◆ **EXERCISE INPUTS**
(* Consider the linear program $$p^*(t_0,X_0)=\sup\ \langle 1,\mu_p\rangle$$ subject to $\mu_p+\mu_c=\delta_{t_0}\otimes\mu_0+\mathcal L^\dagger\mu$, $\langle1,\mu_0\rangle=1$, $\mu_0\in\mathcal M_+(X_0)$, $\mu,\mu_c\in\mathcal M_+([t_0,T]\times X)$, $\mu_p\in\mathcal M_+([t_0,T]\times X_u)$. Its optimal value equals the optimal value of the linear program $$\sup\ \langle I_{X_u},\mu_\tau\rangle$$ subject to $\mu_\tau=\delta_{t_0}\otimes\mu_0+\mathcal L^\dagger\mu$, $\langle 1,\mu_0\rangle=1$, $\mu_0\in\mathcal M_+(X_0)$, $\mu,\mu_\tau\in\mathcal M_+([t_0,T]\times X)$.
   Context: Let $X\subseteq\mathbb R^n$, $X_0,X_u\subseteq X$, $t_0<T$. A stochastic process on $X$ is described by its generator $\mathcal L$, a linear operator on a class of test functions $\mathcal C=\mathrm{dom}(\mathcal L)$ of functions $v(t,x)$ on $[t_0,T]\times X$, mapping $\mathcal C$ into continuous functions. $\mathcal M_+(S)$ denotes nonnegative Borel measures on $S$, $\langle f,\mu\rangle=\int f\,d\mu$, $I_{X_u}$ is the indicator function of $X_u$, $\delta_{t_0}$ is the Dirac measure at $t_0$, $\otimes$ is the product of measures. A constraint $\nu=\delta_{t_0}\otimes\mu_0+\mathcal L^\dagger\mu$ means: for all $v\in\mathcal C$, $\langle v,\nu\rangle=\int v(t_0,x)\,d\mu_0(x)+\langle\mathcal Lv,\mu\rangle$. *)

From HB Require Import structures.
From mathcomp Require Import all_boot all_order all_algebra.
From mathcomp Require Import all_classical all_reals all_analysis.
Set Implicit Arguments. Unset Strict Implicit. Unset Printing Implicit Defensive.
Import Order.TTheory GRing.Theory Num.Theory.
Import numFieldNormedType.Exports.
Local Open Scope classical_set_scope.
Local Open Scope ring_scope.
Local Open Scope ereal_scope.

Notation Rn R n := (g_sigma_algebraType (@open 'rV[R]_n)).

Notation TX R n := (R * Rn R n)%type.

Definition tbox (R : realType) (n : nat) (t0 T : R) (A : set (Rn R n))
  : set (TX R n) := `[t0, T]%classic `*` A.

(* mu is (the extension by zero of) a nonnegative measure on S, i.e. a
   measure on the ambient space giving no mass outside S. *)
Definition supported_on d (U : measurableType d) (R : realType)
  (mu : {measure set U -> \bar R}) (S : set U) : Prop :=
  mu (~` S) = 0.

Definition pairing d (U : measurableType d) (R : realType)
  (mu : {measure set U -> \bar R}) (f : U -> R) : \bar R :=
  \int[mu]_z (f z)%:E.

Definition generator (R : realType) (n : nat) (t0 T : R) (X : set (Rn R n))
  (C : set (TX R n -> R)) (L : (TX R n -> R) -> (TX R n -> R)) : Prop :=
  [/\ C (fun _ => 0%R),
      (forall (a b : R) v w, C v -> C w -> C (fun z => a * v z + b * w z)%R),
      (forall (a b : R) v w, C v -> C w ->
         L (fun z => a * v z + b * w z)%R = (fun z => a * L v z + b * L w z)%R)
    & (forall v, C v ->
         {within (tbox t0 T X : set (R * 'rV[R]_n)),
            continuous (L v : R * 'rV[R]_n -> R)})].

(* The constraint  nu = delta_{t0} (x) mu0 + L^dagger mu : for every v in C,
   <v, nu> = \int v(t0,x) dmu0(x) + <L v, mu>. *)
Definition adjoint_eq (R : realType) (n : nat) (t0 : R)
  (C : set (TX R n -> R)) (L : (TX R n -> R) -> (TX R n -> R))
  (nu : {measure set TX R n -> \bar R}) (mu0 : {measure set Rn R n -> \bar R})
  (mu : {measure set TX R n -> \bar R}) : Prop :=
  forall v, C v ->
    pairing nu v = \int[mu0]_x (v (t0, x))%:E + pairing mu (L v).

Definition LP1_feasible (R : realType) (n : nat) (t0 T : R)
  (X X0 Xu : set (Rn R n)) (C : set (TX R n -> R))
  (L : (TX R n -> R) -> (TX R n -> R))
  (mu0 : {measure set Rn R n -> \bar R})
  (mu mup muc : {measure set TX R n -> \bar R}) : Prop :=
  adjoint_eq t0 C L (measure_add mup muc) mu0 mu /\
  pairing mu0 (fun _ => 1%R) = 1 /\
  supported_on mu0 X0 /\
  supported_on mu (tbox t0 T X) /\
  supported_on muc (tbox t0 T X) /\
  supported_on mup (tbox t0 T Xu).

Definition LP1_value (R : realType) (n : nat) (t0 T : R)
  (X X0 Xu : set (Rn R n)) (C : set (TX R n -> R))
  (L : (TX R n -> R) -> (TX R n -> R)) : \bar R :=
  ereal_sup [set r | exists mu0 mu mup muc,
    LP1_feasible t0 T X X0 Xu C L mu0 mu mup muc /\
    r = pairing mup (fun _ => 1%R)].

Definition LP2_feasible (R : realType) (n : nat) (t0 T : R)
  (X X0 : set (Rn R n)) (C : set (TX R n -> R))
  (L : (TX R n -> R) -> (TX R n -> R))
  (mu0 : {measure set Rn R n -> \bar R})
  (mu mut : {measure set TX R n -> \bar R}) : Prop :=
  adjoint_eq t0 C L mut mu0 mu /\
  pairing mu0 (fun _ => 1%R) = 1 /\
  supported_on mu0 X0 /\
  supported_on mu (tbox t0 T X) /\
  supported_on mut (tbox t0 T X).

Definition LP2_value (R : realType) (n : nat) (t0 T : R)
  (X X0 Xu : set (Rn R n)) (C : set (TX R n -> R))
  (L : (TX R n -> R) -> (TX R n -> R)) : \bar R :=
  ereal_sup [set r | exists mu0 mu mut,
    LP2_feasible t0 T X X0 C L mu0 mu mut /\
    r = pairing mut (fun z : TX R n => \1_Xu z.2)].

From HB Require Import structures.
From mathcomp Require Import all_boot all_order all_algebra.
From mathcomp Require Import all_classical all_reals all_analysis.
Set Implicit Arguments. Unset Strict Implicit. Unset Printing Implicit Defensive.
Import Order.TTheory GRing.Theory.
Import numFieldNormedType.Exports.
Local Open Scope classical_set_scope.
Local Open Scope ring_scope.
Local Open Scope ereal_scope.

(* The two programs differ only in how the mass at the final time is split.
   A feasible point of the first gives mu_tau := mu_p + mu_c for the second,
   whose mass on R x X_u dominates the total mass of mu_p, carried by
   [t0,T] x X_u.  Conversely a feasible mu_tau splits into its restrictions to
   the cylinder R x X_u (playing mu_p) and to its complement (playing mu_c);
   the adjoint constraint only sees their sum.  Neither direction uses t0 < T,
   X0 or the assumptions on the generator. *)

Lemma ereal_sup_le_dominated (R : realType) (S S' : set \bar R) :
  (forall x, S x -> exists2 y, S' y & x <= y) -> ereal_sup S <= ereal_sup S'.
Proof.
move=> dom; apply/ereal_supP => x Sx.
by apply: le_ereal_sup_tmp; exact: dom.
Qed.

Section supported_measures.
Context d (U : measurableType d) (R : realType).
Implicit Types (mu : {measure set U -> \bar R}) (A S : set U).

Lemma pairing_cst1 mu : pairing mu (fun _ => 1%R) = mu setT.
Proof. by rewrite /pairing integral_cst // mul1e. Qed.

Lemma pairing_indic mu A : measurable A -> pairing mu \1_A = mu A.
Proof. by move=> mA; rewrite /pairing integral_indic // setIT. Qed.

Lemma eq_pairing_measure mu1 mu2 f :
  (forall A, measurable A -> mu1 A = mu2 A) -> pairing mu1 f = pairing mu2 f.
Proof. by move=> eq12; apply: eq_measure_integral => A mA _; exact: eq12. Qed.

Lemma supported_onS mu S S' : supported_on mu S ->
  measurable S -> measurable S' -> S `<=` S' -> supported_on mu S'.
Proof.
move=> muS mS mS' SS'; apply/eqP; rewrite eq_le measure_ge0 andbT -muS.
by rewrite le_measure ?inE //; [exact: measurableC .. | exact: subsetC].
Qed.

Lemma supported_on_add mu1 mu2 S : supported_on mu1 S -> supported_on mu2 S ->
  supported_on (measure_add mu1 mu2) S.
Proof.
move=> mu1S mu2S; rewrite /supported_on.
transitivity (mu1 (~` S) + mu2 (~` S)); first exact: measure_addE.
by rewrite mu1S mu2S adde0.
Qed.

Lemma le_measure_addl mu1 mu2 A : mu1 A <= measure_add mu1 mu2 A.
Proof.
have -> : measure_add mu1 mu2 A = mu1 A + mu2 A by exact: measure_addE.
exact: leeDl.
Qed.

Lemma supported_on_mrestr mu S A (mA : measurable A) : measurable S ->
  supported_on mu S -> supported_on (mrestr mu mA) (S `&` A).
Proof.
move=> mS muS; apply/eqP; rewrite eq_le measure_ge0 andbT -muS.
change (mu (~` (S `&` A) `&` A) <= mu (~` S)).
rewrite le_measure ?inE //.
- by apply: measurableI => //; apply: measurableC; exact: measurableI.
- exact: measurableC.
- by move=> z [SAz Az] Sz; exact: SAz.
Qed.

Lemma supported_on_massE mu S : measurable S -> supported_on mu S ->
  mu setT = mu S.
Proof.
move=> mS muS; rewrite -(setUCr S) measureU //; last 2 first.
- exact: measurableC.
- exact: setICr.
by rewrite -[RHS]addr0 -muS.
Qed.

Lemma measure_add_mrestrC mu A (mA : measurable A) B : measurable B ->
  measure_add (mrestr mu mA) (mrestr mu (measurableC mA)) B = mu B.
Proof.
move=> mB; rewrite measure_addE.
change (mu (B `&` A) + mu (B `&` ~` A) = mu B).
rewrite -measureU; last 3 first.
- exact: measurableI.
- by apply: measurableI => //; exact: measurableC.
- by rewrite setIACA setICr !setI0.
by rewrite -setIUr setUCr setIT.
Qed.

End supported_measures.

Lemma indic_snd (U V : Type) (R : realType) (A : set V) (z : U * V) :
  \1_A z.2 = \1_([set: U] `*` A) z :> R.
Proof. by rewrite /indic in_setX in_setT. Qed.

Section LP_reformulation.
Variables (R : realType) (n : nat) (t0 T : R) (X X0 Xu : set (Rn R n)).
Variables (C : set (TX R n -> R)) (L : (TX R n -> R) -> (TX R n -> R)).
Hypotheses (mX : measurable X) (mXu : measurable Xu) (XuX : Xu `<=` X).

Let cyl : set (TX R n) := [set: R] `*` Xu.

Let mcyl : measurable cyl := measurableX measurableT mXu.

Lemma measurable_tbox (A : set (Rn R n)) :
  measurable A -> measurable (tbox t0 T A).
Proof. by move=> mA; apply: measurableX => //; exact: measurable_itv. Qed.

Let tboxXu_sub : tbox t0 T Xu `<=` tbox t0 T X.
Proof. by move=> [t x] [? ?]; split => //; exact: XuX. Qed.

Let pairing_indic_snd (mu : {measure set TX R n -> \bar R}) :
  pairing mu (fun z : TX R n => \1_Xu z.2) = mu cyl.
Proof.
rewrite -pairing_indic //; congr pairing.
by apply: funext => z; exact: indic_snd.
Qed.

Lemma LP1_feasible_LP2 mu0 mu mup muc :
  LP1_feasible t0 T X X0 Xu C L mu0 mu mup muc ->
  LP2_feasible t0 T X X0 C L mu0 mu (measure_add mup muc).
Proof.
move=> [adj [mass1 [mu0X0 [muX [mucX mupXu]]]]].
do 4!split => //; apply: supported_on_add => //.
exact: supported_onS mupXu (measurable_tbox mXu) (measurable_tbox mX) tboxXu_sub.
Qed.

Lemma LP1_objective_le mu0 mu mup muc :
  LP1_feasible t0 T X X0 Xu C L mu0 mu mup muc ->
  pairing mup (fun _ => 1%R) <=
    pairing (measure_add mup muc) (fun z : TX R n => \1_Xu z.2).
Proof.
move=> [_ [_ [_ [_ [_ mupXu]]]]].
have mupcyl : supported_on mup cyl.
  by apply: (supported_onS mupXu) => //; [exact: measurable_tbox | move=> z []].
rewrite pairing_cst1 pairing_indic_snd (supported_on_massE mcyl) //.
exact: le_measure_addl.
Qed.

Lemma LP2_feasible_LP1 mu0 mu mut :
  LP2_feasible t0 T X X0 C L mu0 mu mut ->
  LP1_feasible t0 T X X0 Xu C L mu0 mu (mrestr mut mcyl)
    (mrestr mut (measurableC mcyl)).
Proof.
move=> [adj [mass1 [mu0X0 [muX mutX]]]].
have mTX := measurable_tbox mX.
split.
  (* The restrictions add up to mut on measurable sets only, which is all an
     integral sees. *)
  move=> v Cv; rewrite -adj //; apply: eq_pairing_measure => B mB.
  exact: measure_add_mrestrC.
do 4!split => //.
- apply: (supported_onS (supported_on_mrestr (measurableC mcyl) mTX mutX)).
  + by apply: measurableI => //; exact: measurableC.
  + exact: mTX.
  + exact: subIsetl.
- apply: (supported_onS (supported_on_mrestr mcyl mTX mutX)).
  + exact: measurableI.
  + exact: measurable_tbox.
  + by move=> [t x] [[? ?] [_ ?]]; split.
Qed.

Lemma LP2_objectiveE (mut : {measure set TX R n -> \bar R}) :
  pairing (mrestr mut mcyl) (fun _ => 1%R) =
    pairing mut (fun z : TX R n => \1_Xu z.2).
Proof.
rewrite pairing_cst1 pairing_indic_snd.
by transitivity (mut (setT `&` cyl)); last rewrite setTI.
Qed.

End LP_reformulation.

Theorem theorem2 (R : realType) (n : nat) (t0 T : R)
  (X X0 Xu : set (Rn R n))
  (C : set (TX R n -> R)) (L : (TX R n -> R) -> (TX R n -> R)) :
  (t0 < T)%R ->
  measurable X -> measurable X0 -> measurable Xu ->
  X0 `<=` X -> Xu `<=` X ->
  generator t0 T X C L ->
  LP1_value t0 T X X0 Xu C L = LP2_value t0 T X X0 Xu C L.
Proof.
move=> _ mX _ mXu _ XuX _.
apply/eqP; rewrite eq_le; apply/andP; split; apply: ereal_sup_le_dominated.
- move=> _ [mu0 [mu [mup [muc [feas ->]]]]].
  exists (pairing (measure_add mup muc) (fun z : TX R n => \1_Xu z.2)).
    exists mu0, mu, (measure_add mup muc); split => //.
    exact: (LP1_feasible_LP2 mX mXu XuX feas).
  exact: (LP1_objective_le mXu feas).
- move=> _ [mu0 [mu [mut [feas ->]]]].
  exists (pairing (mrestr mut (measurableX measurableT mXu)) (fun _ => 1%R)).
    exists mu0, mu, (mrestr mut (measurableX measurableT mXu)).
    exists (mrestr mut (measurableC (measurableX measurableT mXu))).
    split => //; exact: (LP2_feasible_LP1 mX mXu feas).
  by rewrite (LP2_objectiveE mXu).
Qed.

◆ **PROBLEM TO WORK ON**
Above is a listing; print exactly its lines from the one with "pairing mut (fun z : TX R n => \1_Xu z.2)." through the one with "exists mu0, mu, (mrestr", and no other lines.

◆ **WRITTEN REPLY**
    pairing mut (fun z : TX R n => \1_Xu z.2).
Proof.
rewrite pairing_cst1 pairing_indic_snd.
by transitivity (mut (setT `&` cyl)); last rewrite setTI.
Qed.

End LP_reformulation.

Theorem theorem2 (R : realType) (n : nat) (t0 T : R)
  (X X0 Xu : set (Rn R n))
  (C : set (TX R n -> R)) (L : (TX R n -> R) -> (TX R n -> R)) :
  (t0 < T)%R ->
  measurable X -> measurable X0 -> measurable Xu ->
  X0 `<=` X -> Xu `<=` X ->
  generator t0 T X C L ->
  LP1_value t0 T X X0 Xu C L = LP2_value t0 T X X0 Xu C L.
Proof.
move=> _ mX _ mXu _ XuX _.
apply/eqP; rewrite eq_le; apply/andP; split; apply: ereal_sup_le_dominated.
- move=> _ [mu0 [mu [mup [muc [feas ->]]]]].
  exists (pairing (measure_add mup muc) (fun z : TX R n => \1_Xu z.2)).
    exists mu0, mu, (measure_add mup muc); split => //.
    exact: (LP1_feasible_LP2 mX mXu XuX feas).
  exact: (LP1_objective_le mXu feas).
- move=> _ [mu0 [mu [mut [feas ->]]]].
  exists (pairing (mrestr mut (measurableX measurableT mXu)) (fun _ => 1%R)).
    exists mu0, mu, (mrestr mut (measurableX measurableT mXu)).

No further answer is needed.